(Adds details on energy sector and updates prices)
* TSX ends down 13 points, or 0.08 percent, at 16,026.26
* Index posts lowest close since Nov. 3
* Five of TSX’s 10 main groups fall
TORONTO, Nov 13 (Reuters) - Canada’s main stock index fell for the fourth straight session on Monday as the energy sector, which had been a major driver of the index’s rally since September, declined by 1.3 percent.
Cenovus Energy Inc fell 2.5 percent to C$13.93 and Canadian Natural Resources Ltd retreated 0.9 percent to C$45.89.

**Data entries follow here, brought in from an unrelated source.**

Lemma winding_nonconst : is_word n v -> (0 < size v)%N ->
  ~ (forall i j : nat, (1 <= i <= n)%N -> (1 <= j <= n)%N ->
      winding n v k i%:Z = winding n v k j%:Z).
Proof.
move=> v_word v_gt0 w_const; have n_gt0 : (0 < n)%N by lia.
set i0 := nth 0%N (rev v) 0.
have lt_i0n : (i0 < n)%N by move/allP: v_word; apply; rewrite -mem_rev mem_nth ?size_rev.
have w_constZ (y : int) : winding n v k y = winding n v k 1.
  have [j hj [e ->]] := int_decomp y n_gt0.
  by rewrite winding_addMn (w_const j 1%N).
apply: (@last_letter_no_ascent i0%:Z v_gt0); first by rewrite modz_small; lia.
by rewrite !(phi_glide n_gt0 v_glide) !w_constZ; lia.
Qed.

End Crossings.

Section Chambers.
Variable n : nat.
Hypothesis n_gt0 : (0 < n)%N.

Lemma ceil_div1 : ceil_div n 1 = 1.
Proof.
rewrite [X in ceil_div _ X](_ : _ = (1 - n%:Z) + 1 * n%:Z); last by ring.
by rewrite ceil_divMDr // ceil_div_small ?add0r //; lia.
Qed.

Variables (st : int -> int) (K : int) (g : int -> int).
Hypothesis stE : forall x, st x = x + K + g (x + K) * n%:Z.
Hypothesis g_addMn : forall y e, g (y + e * n%:Z) = g y.

Lemma chamber_label_window (q : int) (lab : nat -> int) (i : nat) (x : int) :
  chamber_label n st q lab -> (1 <= i <= n)%N -> q - n%:Z < x <= q ->
  ((x + K) %% n)%Z = (i%:Z %% n)%Z -> lab i = ceil_div n (st x).
Proof.
move=> lab_q hi hx xi.
have [_ [[x0 [le_x0q <-]] [x0i [st_max ->]]]] := lab_q i hi.
have st_mod (y : int) : (st y %% n)%Z = ((y + K) %% n)%Z by rewrite stE modz_addMn.
have [e x0E] : exists e, x0 + K = x + K + e * n%:Z by apply/eqz_modP; rewrite xi -st_mod.
have st_x0 : st x0 = st x + e * n%:Z by rewrite !stE x0E g_addMn; ring.
have e_le0 : e <= 0 by rewrite leNgt; apply/negP => e_gt0; nia.
congr ceil_div; apply/eqP; rewrite eq_le st_max ?st_mod -?xi //; last by lia.
by rewrite st_x0 gerDl; nia.
Qed.

Lemma above_wire1_label (lab : nat -> int) (i : nat) :
  above_wire1 n st lab -> (1 <= i <= n)%N -> lab i = (i == 1%N)%:Z + g i%:Z - g 1.
Proof.
move=> [q [st_q lab_q]] hi.
have g_qK : g (q + K) = g 1.
  by rewrite -(g_addMn 1 (- g (q + K))); congr g; move: st_q; rewrite stE; lia.
have qK : q + K = 1 + (- g 1) * n%:Z by move: st_q; rewrite stE g_qK; lia.
have [i1 | ne_i1] := eqVneq i 1%N.
  subst i; rewrite (chamber_label_window lab_q hi (x := q)) ?st_q ?ceil_div1 ?addrK //.
    by lia.
  by rewrite qK modz_addMn.
set x := q + i%:Z - 1 - n%:Z.
have xK : x + K = i%:Z + (- 1 - g 1) * n%:Z by rewrite /x; lia.
rewrite (chamber_label_window lab_q hi (x := x)) ?xK ?modz_addMn //; last by rewrite /x; lia.
rewrite stE xK g_addMn.
rewrite [X in ceil_div _ X](_ : _ = (i%:Z - n%:Z) + (g i%:Z - g 1) * n%:Z); last by ring.
by rewrite ceil_divMDr // ceil_div_small /=; [ring | lia].
Qed.

End Chambers.

Lemma traj_rep_rho_shift (n : nat) (v : seq nat) (k : int) (t : nat -> int) :
  (0 < n)%N -> glide n v k -> is_word n v -> traj_rep n (rho_shift n k v) t ->
  exists C, forall i : nat, (1 <= i <= n)%N -> t i = winding n v k i%:Z + C.
Proof.
move=> n_gt0 v_glide v_word [L [Rt [L_lab [R_lab [c tE]]]]].
have idE (x : int) : id x = x + 0 + 0 * n%:Z by rewrite /= mul0r !addr0.
have stE (x : int) :
    lstate n (rho_shift n k v) x = x + k + winding n v k (x + k) * n%:Z.
  by rewrite lstateE phi_rho_shift // (phi_glide n_gt0 v_glide); ring.
have L_E := above_wire1_label n_gt0 (st := id) (g := fun=> 0) idE (fun _ _ => erefl) L_lab.
have R_E := above_wire1_label n_gt0 stE (@winding_addMn n v k) R_lab.
exists (c - winding n v k 1) => i hi.
by rewrite tE // L_E // R_E //; ring.
Qed.
Lemma A_coef_terms x (sg' sg : int -> bool) : A_coef x t sg' sg =
  A_term x sg' sg [::] +
  \sum_(s \in [set s | interlaced s /\ row_config sg sg' (covered s)] `\ [::])
    A_term x sg' sg s.
Proof.
have -> : A_coef x t sg' sg = A_term x sg' sg [::] +
    \sum_(s \in [set s | s != [::] /\ interlaced s]) A_term x sg' sg s.
  by rewrite /A_term /Eweight big_nil expr0 mul1r.
congr (_ + _); apply/esym/fsbig_widen => [s [[si _] /eqP s_nil]|s [[s_nil si] not_J]] //.
by rewrite /= A_term_eq0 // => row_s; apply: not_J; split => //; apply/eqP.
Qed.

End RowWeights.

Lemma row_config_nil (sg sg' : int -> bool) :
  row_config sg sg' (covered [::]) <-> sg' = sg.
Proof.
rewrite row_config_coveredE //; split => [[_ ->]|->].
  by apply: funext => l; rewrite addbF.
by split => //; apply: funext => l; rewrite addbF.
Qed.

Lemma row_config_diag (sg : int -> bool) s : interlaced s ->
  row_config sg sg (covered s) -> s = [::].
Proof.
case: s => [//|[u v] s] uvs /(row_config_coveredE _ _ uvs) [_ /(congr1 (fun f => f u))].
by rewrite endpoint_cons eqxx /=; case: (sg u).
Qed.

Theorem proposition4p9 (K : fieldType) (x t : K) (t_neq0 : t != 0)
  (sigma sigma' : int -> bool) (hs : is_maya sigma) (hs' : is_maya sigma') :
  A_coef x t sigma' sigma =
  row_partition 1 (- x) 1 (t * x) 1 ((t - 1) * x) sigma sigma'.
Proof.
have [_ [M [_ vac]]] := hs.
rewrite A_coef_terms (row_partition_terms t_neq0 _ _ vac).
have [<-|neq] := pselect (sigma = sigma').
  have -> : [set s | interlaced s /\ row_config sigma sigma (covered s)] = [set [::]].
    apply/seteqP; split => [s [si row_s]|_ ->]; first exact: row_config_diag si row_s.
    by split => //; apply/row_config_nil.
  by rewrite setDv fsbig_set0 fsbig_set1 addr0.
have not_row_nil : ~ row_config sigma sigma' (covered [::]).
  by move=> /row_config_nil sigma_eq; apply: neq.
by rewrite not_setD1 => [|[_ /not_row_nil]] //; rewrite A_term_eq0 ?add0r.
Qed.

Canadian Natural Resources declined as Royal Dutch Shell , which holds shares in the Canadian company, pushed ahead with its vast disposal program.
Crude oil futures, which have been supported by Middle East tensions, settled 2 cents higher at $56.76 a barrel.
The Toronto Stock Exchange’s S&P/TSX composite index closed down 13 points, or 0.08 percent, to 16,026.26, its lowest close since Nov. 3.
It touched its lowest intraday level since Nov. 3 at 15,999.10, as uncertainty over the U.S. tax legislation being considered in Congress pushed world stock markets further away from recent record highs..
Still, the TSX has rallied more than 7 percent since September. It rose last week for the ninth straight week, its longest run in more than two decades.
Five of the index’s 10 main groups ended lower on Monday.
The materials group, which includes precious and base metals miners and fertilizer companies, added 0.3 percent.
Shares of Intertape Polymer Group Inc, surged 14.3 percent to C$20.00 after the manufacturer of specialty tapes reported stronger-than-expected revenue for the third quarter.
Teck Resources Ltd climbed 1.9 percent to C$27.80, while copper, one of the metals that the company produces, advanced 1.7 percent to $6,898.5 a tonne.
Canada Goose Holdings Inc, which had surged last week to a record high after reporting quarterly earnings, fell 3.5 percent to C$31.81.